=== Data shown ===

Lemma span_basis v :
  exists s t s' t' : C, v = s *: a + t *: b + s' *: Jvec a + t' *: Jvec b.
Proof.
have [s [t vp]] := S_span (proj_i_eigen v).
have := Jvec_eigen (proj_Ni_eigen v); rewrite conjCN conjCi opprK => /S_span[s' [t' Jvm]].
have vm : v + 'i *: (T *m v) = - (s'^* *: Jvec a + t'^* *: Jvec b).
  by rewrite -!JvecZ -JvecD -Jvm JvecK opprK.
have two_neq0 : 2 != 0 :> C by rewrite pnatr_eq0.
have -> : v = 2^-1 *: ((v - 'i *: (T *m v)) + (v + 'i *: (T *m v))).
  by rewrite addrACA addNr addr0 -mulr2n -scaler_nat scalerA mulVf // scale1r.
exists (s / 2), (t / 2), (- s'^* / 2), (- t'^* / 2).
by rewrite vp vm; col4_ext; field.
Qed.

Lemma basis_volume_neq0 : wedge4 (wedge a b) (wedge (Jvec a) (Jvec b)) != 0.
Proof.
apply/eqP => vol0; move/eqP: ab0; apply; apply: wedge4_nondeg => v w.
have [s1 [t1 [u1 [w1 ->]]]] := span_basis v.
have [s2 [t2 [u2 [w2 ->]]]] := span_basis w.
by rewrite wedge4_wedge_coords vol0 mulr0.
Qed.

Lemma twistor_point_real u x :
  u != 0 -> T *m u = 'i *: u -> proj_eq (wedge u (Jvec u)) x -> Q2S x /\ proj_eq x (jL x).
Proof.
move=> u0 Tu [c [c0 ->]]; have [s [t u_st]] := S_span Tu.
split; first do !split.
- by rewrite scaler_eq0 negb_or c0 wedge_Jvec_eq0 u0.
- by rewrite wedge4Zl wedge4C wedge4Zl wedge4_wedge_self !mulr0.
- by rewrite wedge4Zl u_st wedge4_wedge_spanl mulr0.
- by rewrite wedge4Zl u_st JvecD !JvecZ wedge4_wedge_spanr mulr0.
exists (c^* / c); split; first by rewrite mulf_neq0 ?conjC_eq0 ?invr_eq0.
by rewrite jLZ jL_wedge_Jvec scalerA divfK.
Qed.

Lemma eigen_fixes_hline u : T *m u = 'i *: u -> fixes_hline T u.
Proof.
move=> Tu; have TJu := Jvec_eigen Tu; rewrite conjCi in TJu.
have ii : 'i * 'i = -1 :> C := mulCii C.
have Tcomb s t : T *m (s *: u + t *: Jvec u) = (s * 'i) *: u + (t * - 'i) *: Jvec u.
  by rewrite mulmxDr -!scalemxAr Tu TJu !scalerA.
move=> w; split.
- case=> [s [t ->]]; exists ((- 'i * s) *: u + ('i * t) *: Jvec u).
  split; first by exists (- 'i * s), ('i * t).
  by rewrite Tcomb; congr (_ *: _ + _ *: _); ring: ii.
- case=> _ [[s [t ->]] ->]; exists (s * 'i), (t * - 'i).
  exact: Tcomb.
Qed.

Lemma fixes_hline_eigen v : v != 0 -> fixes_hline T v ->
  exists u, [/\ u != 0, T *m u = 'i *: u & proj_eq (wedge u (Jvec u)) (wedge v (Jvec v))].
Proof.
move=> v0 hv; have [s [t Tv]] : inH v (T *m v).
  by apply/hv; exists v; split=> //; exists 1, 0; rewrite scale1r scale0r addr0.
set vp := v - 'i *: (T *m v).
have [vp0|vp_neq0] := eqVneq vp 0.
  have TvN : T *m v = - 'i *: v.
    move/eqP: vp0; rewrite subr_eq0 => /eqP vE.
    by rewrite {2}vE scalerA mulNr mulCii opprK scale1r.
  exists (Jvec v); split; first by rewrite Jvec_eq0.
    by rewrite (Jvec_eigen TvN) conjCN conjCi opprK.
  by exists 1; rewrite oner_neq0 scale1r JvecK wedgeNr.
exists vp; split=> //; first exact: proj_i_eigen.
have vp_st : vp = (1 - 'i * s) *: v + (- ('i * t)) *: Jvec v.
  by rewrite /vp Tv; col4_ext; ring.
move: vp_st; set al := 1 - 'i * s; set be := - ('i * t) => vp_st.
have nsq : al * al^* + be * be^* != 0.
  apply: contraNneq vp_neq0 => /normsq_add_eq0[al0 be0].
  by rewrite vp_st al0 be0 !scale0r addr0.
exists (al * al^* + be * be^*)^-1; rewrite invr_eq0 nsq; split=> //.
rewrite vp_st JvecD !JvecZ JvecK scalerN -scaleNr wedge_comb scalerA.
by rewrite mulrN opprK mulVf // scale1r.
Qed.

Lemma real_point_twistor x : Q2S x -> proj_eq x (jL x) ->
  exists u, [/\ u != 0, T *m u = 'i *: u & proj_eq (wedge u (Jvec u)) x].
Proof.
move=> [x0 [xx [xS xSj]]] [c [c0 x_real]].
have vol_x := wedge4_expansion a b (Jvec a) (Jvec b) x.
rewrite xS xSj !scale0r add0r addr0 -!scaleNr in vol_x.
have quad := wedge4_self_expansion a b (Jvec a) (Jvec b) x.
rewrite xx xS xSj mulr0 mul0r sub0r addrC in quad.
have re y := wedge4_real y x_real.
have qc := re (wedge b (Jvec b)); have gc := re (wedge b (Jvec a)).
have dc := re (wedge a (Jvec b)); rewrite !jL_wedge_Jvec in qc gc dc.
move: vol_x quad qc gc dc.
set vol := wedge4 (wedge a b) _; set p := wedge4 x (wedge a (Jvec a)).
set q := wedge4 x (wedge b (Jvec b)); set g := wedge4 x (wedge b (Jvec a)).
set d := wedge4 x (wedge a (Jvec b)) => vol_x quad qc gc dc.
have gd : g * d = q * p.
  by move/esym/eqP: quad; rewrite mulf_eq0 pnatr_eq0 subr_eq0 => /eqP.
have [s [t [k kst]]] := real_rank_one_wedge a b c0 gd qc gc dc.
have vol_neq0 : vol != 0 := basis_volume_neq0.
have volx_neq0 : vol *: x != 0 by rewrite scaler_eq0 negb_or vol_neq0.
exists (s *: a + t *: b); split.
- by apply: contraNneq volx_neq0 => u0; rewrite vol_x kst u0 wedge0 scaler0.
- by rewrite mulmxDr -!scalemxAr Ta Tb scalerDr !scalerA (mulrC s) (mulrC t).
exists (vol^-1 * k); split.
  by rewrite mulf_neq0 ?invr_eq0 //; apply: contraNneq volx_neq0 => k0; rewrite vol_x kst k0 scale0r.
by rewrite -scalerA -kst -vol_x scalerA mulVf // scale1r.
Qed.
End Twistor.

Theorem mainTheorem18 (C : numClosedFieldType) (T : 'M[C]_4) (a b : 'cV[C]_4) :
  (forall v, T *m Jvec v = Jvec (T *m v)) ->
  T *m T = -1 ->
  T *m a = 'i *: a -> T *m b = 'i *: b -> wedge a b != 0 ->
  (forall v, T *m v = 'i *: v -> exists x y : C, v = x *: a + y *: b) ->
  let Q2 := inQ2S (wedge a b) (wedge (Jvec a) (Jvec b)) in
  (forall al, Q2 al -> Q2 (jL al) /\ jL (jL al) = al) /\
  (forall al, (Q2 al /\ proj_eq al (jL al)) <->
     exists v, v != 0 /\ fixes_hline T v /\ proj_eq (wedge v (Jvec v)) al) /\
  (forall al, (Q2 al /\ proj_eq al (jL al)) <->
     exists v, v != 0 /\ T *m v = 'i *: v /\ proj_eq (wedge v (Jvec v)) al).
Proof.
move=> TJ TT Ta Tb ab0 S_span Q2.
have real_iff x : Q2 x /\ proj_eq x (jL x) <->
    exists u, u != 0 /\ T *m u = 'i *: u /\ proj_eq (wedge u (Jvec u)) x.
  split=> [[Qx x_real] | [u [u0 [Tu ux]]]]; last exact: (twistor_point_real S_span u0 Tu ux).
  by have [u [u0 Tu ux]] := real_point_twistor TJ TT Ta Tb ab0 S_span Qx x_real; exists u.
split; first by move=> x Qx; rewrite jLK; split=> //; exact: inQ2S_jL (jL_wedge a b) Qx.
split=> // x; rewrite real_iff; split=> [[u [u0 [Tu ux]]] | [v [v0 [hv vx]]]].
  by exists u; split=> //; split=> //; exact: (eigen_fixes_hline TJ Tu).
have [u [u0 Tu uv]] := fixes_hline_eigen TJ TT v0 hv.
by exists u; split=> //; split=> //; exact: proj_eq_trans uv vx.
Qed.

===

#### Task item
Extract from the listing above the lines between the line containing "set vp := v - 'i *: (T *m v)." and the line containing "apply: contraNneq vp_neq0", keeping both of those lines. Output nothing else.

#### Output
set vp := v - 'i *: (T *m v).
have [vp0|vp_neq0] := eqVneq vp 0.
  have TvN : T *m v = - 'i *: v.
    move/eqP: vp0; rewrite subr_eq0 => /eqP vE.
    by rewrite {2}vE scalerA mulNr mulCii opprK scale1r.
  exists (Jvec v); split; first by rewrite Jvec_eq0.
    by rewrite (Jvec_eigen TvN) conjCN conjCi opprK.
  by exists 1; rewrite oner_neq0 scale1r JvecK wedgeNr.
exists vp; split=> //; first exact: proj_i_eigen.
have vp_st : vp = (1 - 'i * s) *: v + (- ('i * t)) *: Jvec v.
  by rewrite /vp Tv; col4_ext; ring.
move: vp_st; set al := 1 - 'i * s; set be := - ('i * t) => vp_st.
have nsq : al * al^* + be * be^* != 0.
  apply: contraNneq vp_neq0 => /normsq_add_eq0[al0 be0].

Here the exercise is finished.